History of SQLite in the Browser (2014) - me551ah
https://nolanlawson.com/2014/04/26/web-sql-database-in-memoriam/
======
Lx1oG-AWb6h_ZG0
I feel like there’s some missing context here: the late 2000s/early 2010s were
also when the nosql craze was really taking off: Cassandra was open sourced in
2008, MongoDB came out in 2009 and spawned the “MEAN stack” (remember that?)
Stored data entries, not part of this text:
(* Let $F(x) = A\cos(px) + B\cos(qx)$ be a non-zero function, where $A, B \in \mathbb{R}$, $p$ and $q$ are coprime positive integers and $p + q$ is odd. Then \[ \min(\rho_+(F), \rho_-(F)) \geq \frac{1}{2} - \frac{1}{2(p+q)}. \]
   Context: For a continuous periodic function $F\colon \mathbb{R} \to \mathbb{R}$ with period $P > 0$, $\rho_+(F) = \lambda(\{x \in [0,P] : F(x) > 0\})/P$ and $\rho_-(F) = \lambda(\{x \in [0,P] : F(x) < 0\})/P$, where $\lambda$ is Lebesgue measure (independent of the choice of period). *)

From HB Require Import structures.
From mathcomp Require Import all_boot all_order all_algebra.
From mathcomp Require Import all_classical all_reals all_analysis.
Set Implicit Arguments. Unset Strict Implicit. Unset Printing Implicit Defensive.
Import Order.TTheory GRing.Theory Num.Theory.
Local Open Scope classical_set_scope.
Local Open Scope ring_scope.

Definition rho_plus (R : realType) (F : R -> R) (P : R) : \bar R :=
  (lebesgue_measure ([set x : R | (0 <= x <= P)%R] `&` [set x | (0 < F x)%R]) * (P^-1)%:E)%E.

Definition rho_minus (R : realType) (F : R -> R) (P : R) : \bar R :=
  (lebesgue_measure ([set x : R | (0 <= x <= P)%R] `&` [set x | (F x < 0)%R]) * (P^-1)%:E)%E.

From HB Require Import structures.
From mathcomp Require Import all_boot all_order all_algebra.
From mathcomp Require Import all_classical all_reals all_analysis.
From mathcomp Require Import measurable_realfun ring lra.
Import Order.TTheory GRing.Theory Num.Theory.
Local Open Scope classical_set_scope.
Local Open Scope ring_scope.

(* Put N = p + q = 2k + 1, h = 2 pi / N and G x = A sin (p x) - B sin (q x).
   Since q = -p modulo N, translating x by m h rotates the vector (F x, G x) by
   the angle 2 pi p m / N, so F (x + m h) = r cos (2 pi (p m mod N) / N + phi)
   in polar coordinates (r, phi) of (F x, G x).  As m |-> p m mod N permutes
   Z/N, and an open half circle contains at least k of N equally spaced
   points, at least k of the values F (x + m h), m < N, are positive.  This
   needs (F x, G x) <> 0, which holds for every x in ]0, h[ except pi / N,
   because A sin (N x) and B sin (N x) are linear combinations of F x and G x.
   Averaging over the N translates of ]0, h[ gives lambda {F > 0} >= k h on
   [0, 2 pi], i.e. rho_+(F) >= k / N; the same bound for -F gives
   rho_-(F) >= k / N. *)

Lemma natr_odd {R : pzSemiRingType} (N : nat) :
  odd N -> N%:R = 2 * N./2%:R + 1 :> R.
Proof.
move=> oN; rewrite -[in LHS](odd_double_half N) oN natrD -addnn natrD.
by rewrite mulr_natl mulr2n addrC.
Qed.

Section trigonometry.
Context {R : realType}.

Lemma cosD2pin (x : R) (n : nat) : cos (x + 2 * pi * n%:R) = cos x.
Proof. by rewrite mulr_natr mulr_natl; apply: periodicn; exact: cosD2pi. Qed.

Lemma cosD2piz (x : R) (z : int) : cos (x + 2 * pi * z%:~R) = cos x.
Proof.
case: z => n; first by rewrite -pmulrn cosD2pin.
by rewrite NegzE mulrNz -pmulrn mulrN -(cosD2pin _ n.+1) subrK.
Qed.

Lemma cos_modz (N : nat) (u : int) (phi : R) : (0 < N)%N ->
  cos (2 * pi * (u %% N)%Z%:~R / N%:R + phi) = cos (2 * pi * u%:~R / N%:R + phi).
Proof.
move=> N0; rewrite [in RHS](divz_eq u N) [in RHS]intrD [in RHS]intrM.
rewrite -[(N : int)%:~R]/(N%:R).
have NR0 : N%:R != 0 :> R by rewrite pnatr_eq0 -lt0n.
by rewrite -(cosD2piz _ (u %/ N)%Z); congr cos; field.
Qed.

Lemma card_cos_gt0 (N : nat) (phi : R) : odd N ->
  (N./2 <= #|[set r : 'I_N | (0 < cos (2 * pi * r%:R / N%:R + phi))%R]%SET|)%N.
Proof.
move=> oN; set k := N./2.
have kN : (k < N)%N by rewrite -[N in (_ < N)%N]odd_double_half oN -addnn ltnS leq_addr.
have N0 : (0 < N)%N := leq_ltn_trans (leq0n k) kN.
have NR0 : 0 < N%:R :> R by rewrite ltr0n.
have NZ0 : N%:Z != 0 by rewrite gt_eqF ?ltz_nat.
have NRk : N%:R = 2 * k%:R + 1 :> R := natr_odd _ oN.
have pi0 := @pi_gt0 R.
have [t ->] : exists t, phi = 2 * pi * t.
  by exists (phi / (2 * pi)); rewrite mulrC divfK // gt_eqF ?mulr_gt0.
(* The angle of an integer u is 2 pi (u - s) / N - pi / 2 modulo 2 pi, so the
   k integers just above s have their angles in ]-pi/2, pi/2[. *)
set s : R := - t * N%:R - N%:R / 4.
set z := Num.floor s.
have /andP[zs sz] : z%:~R <= s < (z + 1)%:~R by exact: floor_itv.
pose u (i : nat) : int := z + 1 + i%:Z.
have uN i : (`|(u i %% N)%Z| < N)%N.
  by rewrite -ltz_nat gez0_abs ?modz_ge0 ?ltz_pmod ?ltz_nat.
pose g (i : 'I_k) : 'I_N := Ordinal (uN i).
have g_inj : injective g.
  move=> i j /(congr1 (fun r : 'I_N => (r : nat)%:Z)) /=.
  rewrite !gez0_abs ?modz_ge0 // => /eqP; rewrite eqz_modDl.
  have lt_kN (l : 'I_k) : (0 <= l%:Z < N)%R by rewrite ltz_nat (ltn_trans _ kN).
  by rewrite !modz_small // => /eqP [] /val_inj.
have g_pos i : 0 < cos (2 * pi * (g i)%:R / N%:R + 2 * pi * t).
  rewrite /= natr_absz ger0_norm ?modz_ge0 // cos_modz //.
  have -> : 2 * pi * (u i)%:~R / N%:R + 2 * pi * t =
      2 * pi * ((u i)%:~R - s) / N%:R - pi / 2.
    by rewrite /s; field; rewrite gt_eqF.
  have ik : (i : nat)%:R + 1 <= k%:R :> R by rewrite natr1 ler_nat ltn_ord.
  have [uis0 uisk] : 0 < (u i)%:~R - s /\ (u i)%:~R - s < N%:R / 2.
    have i0 : 0 <= (i : nat)%:R :> R := ler0n _ _.
    by move: sz zs; rewrite /u !intrD mulr1z -[(i : int)%:~R]/(i%:R) NRk; lra.
  have b0 : 0 < ((u i)%:~R - s) / N%:R by rewrite divr_gt0.
  have b1 : ((u i)%:~R - s) / N%:R < 1 / 2 by rewrite ltr_pdivrMr //; lra.
  by rewrite -mulrA; apply: cos_gt0_pihalf; apply/andP; split; nra.
rewrite -[X in (X <= _)%N]card_ord -cardsT -(card_imset [set: 'I_k]%SET g_inj).
apply: subset_leq_card; apply/fintype.subsetP => _ /imsetP[i _ ->].
by rewrite finset.inE; exact: g_pos.
Qed.

Lemma polar_coord (a b : R) : (a != 0) || (b != 0) ->
  exists r phi, 0 < r /\ a = r * cos phi /\ b = r * sin phi.
Proof.
move=> ab0.
have s0 : 0 < a ^+ 2 + b ^+ 2.
  by rewrite lt0r paddr_eq0 ?sqr_ge0 // !sqrf_eq0 negb_and ab0 addr_ge0 ?sqr_ge0.
set r := Num.sqrt (a ^+ 2 + b ^+ 2).
have r0 : 0 < r by rewrite sqrtr_gt0.
have r2 : r ^+ 2 = a ^+ 2 + b ^+ 2 by rewrite sqr_sqrtr // ltW.
set c := a / r.
have c2 : 1 - c ^+ 2 = (b / r) ^+ 2.
  have rr : r ^+ 2 != 0 by rewrite expf_neq0 // gt_eqF.
  by rewrite /c !expr_div_n -(divff rr) {1}r2; field; rewrite gt_eqF.
have c1 : -1 <= c <= 1.
  by have := sqr_ge0 (b / r); rewrite -c2 => ?; apply/andP; split; nra.
have cosc : cos (acos c) = c by apply: acosK; rewrite in_itv.
have sinc : sin (acos c) = `|b| / r.
  by rewrite sin_acos // c2 sqrtr_sqr normf_div (gtr0_norm r0).
exists r; case: (leP 0 b) => b0.
  exists (acos c); rewrite cosc sinc (ger0_norm b0) /c.
  by split => //; split; rewrite mulrC divfK // gt_eqF.
exists (- acos c); rewrite cosN sinN cosc sinc (ltr0_norm b0) /c.
by split => //; split; rewrite ?mulrN mulrC divfK ?opprK // gt_eqF.
Qed.

Lemma sin_neq0 (y : R) : 0 < y < 2 * pi -> y != pi -> sin y != 0.
Proof.
move=> /andP[y0 y2pi]; case: ltgtP => // [ypi|piy] _.
  by rewrite gt_eqF // sin_gt0_pi // y0.
rewrite -[y](subrK pi) sinDpi oppr_eq0 gt_eqF // sin_gt0_pi //.
by apply/andP; split; lra.
Qed.

End trigonometry.

Lemma mulnI_mod (N p a b : nat) : coprime N p -> (a < N)%N -> (b < N)%N ->
  p * a = p * b %[mod N] -> a = b.
Proof.
move=> cNp; wlog ab : a b / (a <= b)%N => [wlog_ab aN bN eab|aN bN /eqP].
  by case: (leqP a b) => [|/ltnW] ?; [|apply/esym]; apply: wlog_ab => //; rewrite eab.
rewrite eq_sym eqn_mod_dvd ?leq_mul2l ?ab ?orbT // -mulnBr Gauss_dvdr //.
have : (b - a < N)%N by rewrite (leq_ltn_trans (leq_subr _ _)).
case: (posnP (b - a)) => [|ba0 baN /(dvdn_leq ba0)]; last by rewrite leqNgt baN.
by move/eqP; rewrite subn_eq0 => ba _ _; apply/eqP; rewrite eqn_leq ab ba.
Qed.

Section multiplicity.
Context {d} {X : measurableType d} {R : realType} (mu : {measure set X -> \bar R}).

Lemma multiplicity_le_sum_measure (D : set X) (N k : nat) (T : 'I_N -> set X) :
    measurable D -> (forall m, measurable (T m)) ->
    (forall x, D x -> (k <= #|[set m | x \in T m]%SET|)%N) ->
  (k%:R%:E * mu D <= \sum_(m < N) mu (T m `&` D))%E.
Proof.
move=> mD mT multD.
under eq_bigr do rewrite -integral_indic //.
rewrite -ge0_integral_sum // -?integral_cst //; last first.
  by move=> m; exact/measurable_EFinP/measurable_indic.
apply: ge0_le_integral => //.
- by move=> x _; rewrite lee_fin.
- by apply: emeasurable_sum => m; exact/measurable_EFinP/measurable_indic.
- move=> x Dx; rewrite sumEFin lee_fin /=.
  under eq_bigr do rewrite indicE.
  rewrite -natr_sum ler_nat (leq_trans (multD x Dx)) // -sum1_card big_mkcond /=.
  by apply: leq_sum => m _; rewrite finset.inE; case: (x \in T m).
Qed.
Using SQL was extremely unfashionable then, so it’s no surprise that
developers at Mozilla/Oracle (and even Google and Microsoft) were not keen on
adding a sql stack.

------
Hackbraten
Please add (2014) to the title.

Back then, the latest plot twist in local storage hadn’t happened:
[https://www.theregister.com/2020/03/26/apple_relax_were_not_...](https://www.theregister.com/2020/03/26/apple_relax_were_not_totally/)

------
oldgregg
I really think this was more about crippling the browser experience to benefit
native apps and P2P apps. Supposedly Sqlite, which is widely revered as one of
the best engineered pieces of software maybe ever made, doesn't have an
"alternative implementation" so it can't be used, but some guy at ORACLE comes
up with a lackluster nosql solution and we're all good?! Not buying it...